PROMPT: Each entry below is to be copied out exactly and in full.

━━ PROVIDED DATA ━━

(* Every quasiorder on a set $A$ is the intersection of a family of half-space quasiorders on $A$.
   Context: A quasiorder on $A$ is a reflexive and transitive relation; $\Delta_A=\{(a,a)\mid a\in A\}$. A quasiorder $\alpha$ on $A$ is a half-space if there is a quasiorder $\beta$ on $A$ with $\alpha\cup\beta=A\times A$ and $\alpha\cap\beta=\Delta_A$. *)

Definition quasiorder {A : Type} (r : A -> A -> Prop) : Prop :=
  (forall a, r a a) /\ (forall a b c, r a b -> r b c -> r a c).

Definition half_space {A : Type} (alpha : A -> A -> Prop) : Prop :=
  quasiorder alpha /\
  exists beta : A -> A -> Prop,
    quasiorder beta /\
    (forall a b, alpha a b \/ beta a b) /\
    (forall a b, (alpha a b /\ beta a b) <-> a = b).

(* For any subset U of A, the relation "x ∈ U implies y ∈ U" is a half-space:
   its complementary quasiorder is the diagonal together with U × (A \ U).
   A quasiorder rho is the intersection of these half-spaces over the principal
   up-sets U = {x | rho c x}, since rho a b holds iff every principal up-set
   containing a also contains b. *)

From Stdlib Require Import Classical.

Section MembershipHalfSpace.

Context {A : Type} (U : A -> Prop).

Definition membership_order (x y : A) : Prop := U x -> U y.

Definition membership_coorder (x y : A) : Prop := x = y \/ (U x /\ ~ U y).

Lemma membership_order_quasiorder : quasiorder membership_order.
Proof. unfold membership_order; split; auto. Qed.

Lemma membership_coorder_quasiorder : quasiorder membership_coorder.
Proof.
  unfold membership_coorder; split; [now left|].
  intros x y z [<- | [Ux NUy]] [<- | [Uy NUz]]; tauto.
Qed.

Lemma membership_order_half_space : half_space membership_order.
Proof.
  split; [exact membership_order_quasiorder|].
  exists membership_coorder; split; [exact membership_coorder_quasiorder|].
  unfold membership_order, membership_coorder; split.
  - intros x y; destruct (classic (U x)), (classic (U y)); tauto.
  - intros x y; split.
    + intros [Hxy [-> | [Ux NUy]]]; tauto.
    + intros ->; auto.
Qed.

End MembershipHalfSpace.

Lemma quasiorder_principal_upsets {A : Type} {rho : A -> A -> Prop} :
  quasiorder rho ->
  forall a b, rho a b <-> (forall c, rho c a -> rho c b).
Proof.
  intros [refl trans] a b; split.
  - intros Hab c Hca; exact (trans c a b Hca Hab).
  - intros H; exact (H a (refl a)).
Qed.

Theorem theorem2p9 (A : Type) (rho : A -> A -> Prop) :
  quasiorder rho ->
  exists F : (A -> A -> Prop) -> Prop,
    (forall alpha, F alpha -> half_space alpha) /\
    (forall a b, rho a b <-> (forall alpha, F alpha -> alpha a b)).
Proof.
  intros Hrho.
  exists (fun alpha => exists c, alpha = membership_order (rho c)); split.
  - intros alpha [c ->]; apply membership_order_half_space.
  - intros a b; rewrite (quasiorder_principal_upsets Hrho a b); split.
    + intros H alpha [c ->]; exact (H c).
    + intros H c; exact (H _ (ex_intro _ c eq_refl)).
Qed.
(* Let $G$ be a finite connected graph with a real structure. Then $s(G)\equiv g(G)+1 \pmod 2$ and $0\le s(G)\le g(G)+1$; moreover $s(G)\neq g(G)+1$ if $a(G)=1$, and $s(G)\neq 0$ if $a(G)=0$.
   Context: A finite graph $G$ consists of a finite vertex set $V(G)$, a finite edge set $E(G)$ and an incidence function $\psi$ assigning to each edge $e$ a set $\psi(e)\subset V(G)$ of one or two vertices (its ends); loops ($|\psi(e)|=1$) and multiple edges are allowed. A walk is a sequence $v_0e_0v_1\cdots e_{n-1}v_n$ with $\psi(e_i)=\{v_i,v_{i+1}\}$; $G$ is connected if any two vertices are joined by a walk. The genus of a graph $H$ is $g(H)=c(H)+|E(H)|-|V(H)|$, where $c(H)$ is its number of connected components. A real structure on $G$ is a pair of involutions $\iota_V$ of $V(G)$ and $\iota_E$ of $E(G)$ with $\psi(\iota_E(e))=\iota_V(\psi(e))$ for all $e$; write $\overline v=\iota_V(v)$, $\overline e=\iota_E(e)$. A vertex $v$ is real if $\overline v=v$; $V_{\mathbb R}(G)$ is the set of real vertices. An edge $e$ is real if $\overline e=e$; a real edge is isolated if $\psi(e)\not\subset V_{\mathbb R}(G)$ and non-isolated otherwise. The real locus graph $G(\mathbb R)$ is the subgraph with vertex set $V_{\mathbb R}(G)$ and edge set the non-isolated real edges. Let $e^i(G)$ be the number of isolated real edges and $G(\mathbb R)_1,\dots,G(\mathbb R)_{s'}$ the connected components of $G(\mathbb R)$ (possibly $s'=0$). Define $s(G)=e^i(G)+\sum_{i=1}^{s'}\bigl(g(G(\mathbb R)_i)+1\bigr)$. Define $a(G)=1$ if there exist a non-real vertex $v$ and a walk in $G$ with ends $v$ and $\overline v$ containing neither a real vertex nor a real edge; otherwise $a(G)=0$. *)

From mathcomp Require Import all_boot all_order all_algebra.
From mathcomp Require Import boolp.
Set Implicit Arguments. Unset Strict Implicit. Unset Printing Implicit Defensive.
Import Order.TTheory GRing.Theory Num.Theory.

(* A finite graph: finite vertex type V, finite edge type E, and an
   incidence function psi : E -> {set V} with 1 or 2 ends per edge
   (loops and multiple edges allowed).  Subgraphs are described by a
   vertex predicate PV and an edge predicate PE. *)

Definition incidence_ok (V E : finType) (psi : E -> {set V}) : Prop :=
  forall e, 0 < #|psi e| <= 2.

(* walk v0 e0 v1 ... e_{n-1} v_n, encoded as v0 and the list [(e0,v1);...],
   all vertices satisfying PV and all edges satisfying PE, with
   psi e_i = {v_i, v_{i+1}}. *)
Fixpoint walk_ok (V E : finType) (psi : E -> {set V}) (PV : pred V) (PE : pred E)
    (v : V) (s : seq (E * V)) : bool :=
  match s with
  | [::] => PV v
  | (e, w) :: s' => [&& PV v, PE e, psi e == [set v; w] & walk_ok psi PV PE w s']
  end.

━━━

RESULT BELOW:
(* Every quasiorder on a set $A$ is the intersection of a family of half-space quasiorders on $A$.
   Context: A quasiorder on $A$ is a reflexive and transitive relation; $\Delta_A=\{(a,a)\mid a\in A\}$. A quasiorder $\alpha$ on $A$ is a half-space if there is a quasiorder $\beta$ on $A$ with $\alpha\cup\beta=A\times A$ and $\alpha\cap\beta=\Delta_A$. *)

Definition quasiorder {A : Type} (r : A -> A -> Prop) : Prop :=
  (forall a, r a a) /\ (forall a b c, r a b -> r b c -> r a c).

Definition half_space {A : Type} (alpha : A -> A -> Prop) : Prop :=
  quasiorder alpha /\
  exists beta : A -> A -> Prop,
    quasiorder beta /\
    (forall a b, alpha a b \/ beta a b) /\
    (forall a b, (alpha a b /\ beta a b) <-> a = b).

(* For any subset U of A, the relation "x ∈ U implies y ∈ U" is a half-space:
   its complementary quasiorder is the diagonal together with U × (A \ U).
   A quasiorder rho is the intersection of these half-spaces over the principal
   up-sets U = {x | rho c x}, since rho a b holds iff every principal up-set
   containing a also contains b. *)

From Stdlib Require Import Classical.

Section MembershipHalfSpace.

Context {A : Type} (U : A -> Prop).

Definition membership_order (x y : A) : Prop := U x -> U y.

Definition membership_coorder (x y : A) : Prop := x = y \/ (U x /\ ~ U y).

Lemma membership_order_quasiorder : quasiorder membership_order.
Proof. unfold membership_order; split; auto. Qed.

Lemma membership_coorder_quasiorder : quasiorder membership_coorder.
Proof.
  unfold membership_coorder; split; [now left|].
  intros x y z [<- | [Ux NUy]] [<- | [Uy NUz]]; tauto.
Qed.

Lemma membership_order_half_space : half_space membership_order.
Proof.
  split; [exact membership_order_quasiorder|].
  exists membership_coorder; split; [exact membership_coorder_quasiorder|].
  unfold membership_order, membership_coorder; split.
  - intros x y; destruct (classic (U x)), (classic (U y)); tauto.
  - intros x y; split.
    + intros [Hxy [-> | [Ux NUy]]]; tauto.
    + intros ->; auto.
Qed.

End MembershipHalfSpace.

Lemma quasiorder_principal_upsets {A : Type} {rho : A -> A -> Prop} :
  quasiorder rho ->
  forall a b, rho a b <-> (forall c, rho c a -> rho c b).
Proof.
  intros [refl trans] a b; split.
  - intros Hab c Hca; exact (trans c a b Hca Hab).
  - intros H; exact (H a (refl a)).
Qed.

Theorem theorem2p9 (A : Type) (rho : A -> A -> Prop) :
  quasiorder rho ->
  exists F : (A -> A -> Prop) -> Prop,
    (forall alpha, F alpha -> half_space alpha) /\
    (forall a b, rho a b <-> (forall alpha, F alpha -> alpha a b)).
Proof.
  intros Hrho.
  exists (fun alpha => exists c, alpha = membership_order (rho c)); split.
  - intros alpha [c ->]; apply membership_order_half_space.
  - intros a b; rewrite (quasiorder_principal_upsets Hrho a b); split.
    + intros H alpha [c ->]; exact (H c).
    + intros H c; exact (H _ (ex_intro _ c eq_refl)).
Qed.
(* Let $G$ be a finite connected graph with a real structure. Then $s(G)\equiv g(G)+1 \pmod 2$ and $0\le s(G)\le g(G)+1$; moreover $s(G)\neq g(G)+1$ if $a(G)=1$, and $s(G)\neq 0$ if $a(G)=0$.
   Context: A finite graph $G$ consists of a finite vertex set $V(G)$, a finite edge set $E(G)$ and an incidence function $\psi$ assigning to each edge $e$ a set $\psi(e)\subset V(G)$ of one or two vertices (its ends); loops ($|\psi(e)|=1$) and multiple edges are allowed. A walk is a sequence $v_0e_0v_1\cdots e_{n-1}v_n$ with $\psi(e_i)=\{v_i,v_{i+1}\}$; $G$ is connected if any two vertices are joined by a walk. The genus of a graph $H$ is $g(H)=c(H)+|E(H)|-|V(H)|$, where $c(H)$ is its number of connected components. A real structure on $G$ is a pair of involutions $\iota_V$ of $V(G)$ and $\iota_E$ of $E(G)$ with $\psi(\iota_E(e))=\iota_V(\psi(e))$ for all $e$; write $\overline v=\iota_V(v)$, $\overline e=\iota_E(e)$. A vertex $v$ is real if $\overline v=v$; $V_{\mathbb R}(G)$ is the set of real vertices. An edge $e$ is real if $\overline e=e$; a real edge is isolated if $\psi(e)\not\subset V_{\mathbb R}(G)$ and non-isolated otherwise. The real locus graph $G(\mathbb R)$ is the subgraph with vertex set $V_{\mathbb R}(G)$ and edge set the non-isolated real edges. Let $e^i(G)$ be the number of isolated real edges and $G(\mathbb R)_1,\dots,G(\mathbb R)_{s'}$ the connected components of $G(\mathbb R)$ (possibly $s'=0$). Define $s(G)=e^i(G)+\sum_{i=1}^{s'}\bigl(g(G(\mathbb R)_i)+1\bigr)$. Define $a(G)=1$ if there exist a non-real vertex $v$ and a walk in $G$ with ends $v$ and $\overline v$ containing neither a real vertex nor a real edge; otherwise $a(G)=0$. *)

From mathcomp Require Import all_boot all_order all_algebra.
From mathcomp Require Import boolp.
Set Implicit Arguments. Unset Strict Implicit. Unset Printing Implicit Defensive.
Import Order.TTheory GRing.Theory Num.Theory.

(* A finite graph: finite vertex type V, finite edge type E, and an
   incidence function psi : E -> {set V} with 1 or 2 ends per edge
   (loops and multiple edges allowed).  Subgraphs are described by a
   vertex predicate PV and an edge predicate PE. *)

Definition incidence_ok (V E : finType) (psi : E -> {set V}) : Prop :=
  forall e, 0 < #|psi e| <= 2.

(* walk v0 e0 v1 ... e_{n-1} v_n, encoded as v0 and the list [(e0,v1);...],
   all vertices satisfying PV and all edges satisfying PE, with
   psi e_i = {v_i, v_{i+1}}. *)
Fixpoint walk_ok (V E : finType) (psi : E -> {set V}) (PV : pred V) (PE : pred E)
    (v : V) (s : seq (E * V)) : bool :=
  match s with
  | [::] => PV v
  | (e, w) :: s' => [&& PV v, PE e, psi e == [set v; w] & walk_ok psi PV PE w s']
  end.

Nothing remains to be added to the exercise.